What is peripheral tolerance?

Control of self-reactive cells outside bone marrow

34.

Why is peripheral tolerance needed?

Not all self-antigens are in bone marrow

35.

What are B1 and marginal zone B cells?

Innate-like, fast responders

36.

What are B2 cells?

Conventional adaptive B cells

37.

Where does T cell development begin and end?

Begins in bone marrow, ends in thymus

38.

What is a thymocyte?

Developing T cell

39.

What is the difference between cells entering and leaving thymus?

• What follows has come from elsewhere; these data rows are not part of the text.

Lemma lie_isoclinic_sym (g1 g2 : leibniz K) :
  lie_isoclinic n g1 g2 -> lie_isoclinic n g2 g1.
Proof.
move=> [eta [xi [eta_iso [xi_iso eta_xi]]]].
have [eta_inv etaK eta_invK] := eta_iso.1.
have [xi_inv xi_inv_iso xiK] :=
  sub_iso_sym (gammaLie_ideal g1 n.+1) (gammaLie_ideal g2 n.+1) xi_iso.
exists eta_inv, xi_inv; split; first exact: quot_iso_sym eta_iso etaK eta_invK.
split=> // ys xs eta_inv_ys.
rewrite -(eta_xi xs ys) ?xiK //; first exact: lie_iter_gammaLie.
by move=> i le_in; rewrite -eta_inv_ys.
Qed.

Lemma lie_isoclinic_surj_hom (g1 h g2 : leibniz K) (theta : h -> g2) :
  leib_hom theta -> (forall y, exists x, theta x = y) ->
  (forall x, theta x = 0 -> gammaLie h n.+1 x -> x = 0) ->
  lie_isoclinic n g1 h -> lie_isoclinic n g1 g2.
Proof.
move=> theta_hom theta_surj theta_ker [eta [xi [eta_iso [xi_iso eta_xi]]]].
exists (quot_map theta \o eta), (theta \o xi); split.
  exact: quot_iso_quot_map_comp.
split; first exact: sub_iso_comp xi_iso (sub_iso_gammaLie _ _ _).
move=> xs ys /= eta_xs_ys.
have [zs theta_zs] : exists zs : nat -> h, forall i, theta (zs i) = ys i.
  by exists (fun i => epsilon (inhabits 0) (fun z => theta z = ys i)) => i;
    exact: (epsilon_spec _ _ (theta_surj (ys i))).
rewrite (eta_xi xs zs) ?(leib_hom_lie_iter theta_hom).
  by congr (lie_iter _ n); apply: functional_extensionality.
move=> i le_in; apply: (quot_map_inj theta_hom theta_surj theta_ker).
by rewrite (quot_map_cls _ theta_hom theta_surj) theta_zs; exact: eta_xs_ys.
Qed.

End Isoclinism.

Theorem mainTheorem9 (K : fieldType) (h2 : (2 : K) != 0) (n : nat)
  (g1 g2 : leibniz K) :
  lie_isoclinic n g1 g2 <->
  exists (h : leibniz K) (theta : h -> g2),
    lie_isoclinic n h g1 /\ leib_hom theta /\
    (forall y : g2, exists x : h, theta x = y) /\
    (forall x : h, theta x = 0 -> gammaLie h n.+1 x -> x = 0).
Proof.
split=> [g1_g2 | [h [theta [h_g1 [theta_hom [theta_surj theta_ker]]]]]].
  exists g2, id; split; first exact: lie_isoclinic_sym.
  by split; [split | split=> [y|]; first exists y].
exact: lie_isoclinic_surj_hom theta_hom theta_surj theta_ker (lie_isoclinic_sym h_g1).
Qed.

Entering are immature; leaving are CD4 or CD8 mature cells

40.

What is the role of the Notch receptor?

Drives T cell development

41.

What happens to the thymus over time?

Shrinks after puberty (involution)

42.

What are the regions of the thymus?

Cortex and medulla

43.

What happens in the cortex?

Positive selection

44.

What happens in the medulla?

Negative selection

45.

What are the stages of T cell development?

DN → DP → SP

46.

How long does T cell development take?

About 2–3 weeks

47.

What does the CD4

CD8 flow plot show? / None → both → one

48.

What does the CD44

CD25 flow plot show? / 44 → both → 25 → none

49.

What are double negative cells?

No CD4 or CD8

50.

What are double positive cells?

Both CD4 and CD8

51.

What are DN1 cells?

Earliest stage, entry into thymus

52.

What happens in DN2 cells?

TCR rearrangement begins

53.

What happens in DN3 cells?

β chain rearrangement and pre-TCR checkpoint

54.

What happens in DN4 cells?

Proliferation and CD4/CD8 expression

55.

What are αβ T cells?

Most common, adaptive

56.

What are γδ T cells?

Less common, innate-like

57.

What is the pre-TCR made of?

β chain + pTα + CD3

58.

What is β-selection?

Checkpoint testing β chain function

59.

What is positive selection?

Keeps T cells that recognize self-MHC

60.

What is self-restriction?

T cells must recognize antigen with self-MHC

61.

What is the goldilocks model?

Binding must be just right

62.

What happens with weak binding?

Death by neglect

63.

What happens with strong binding?

Apoptosis

64.

What happens with intermediate binding?

Survival

65.

What happens with slightly high affinity?

Treg formation

66.

What is lineage commitment?

Becoming CD4 or CD8 T cell

67.

What determines CD4 vs CD8?

Type of MHC recognized

68.

What is negative selection?

Removal of self-reactive T cells

69.

What is self-tolerance?

Immune system ignores self

70.

What are mechanisms of negative selection?

Apoptosis, anergy, Treg formation

71.

What is AIRE?

Protein that presents self-antigens in thymus

72.

What is positive selection characterized by?

Cortex location, self-MHC recognition, ~5% survival

73.

What is negative selection characterized by?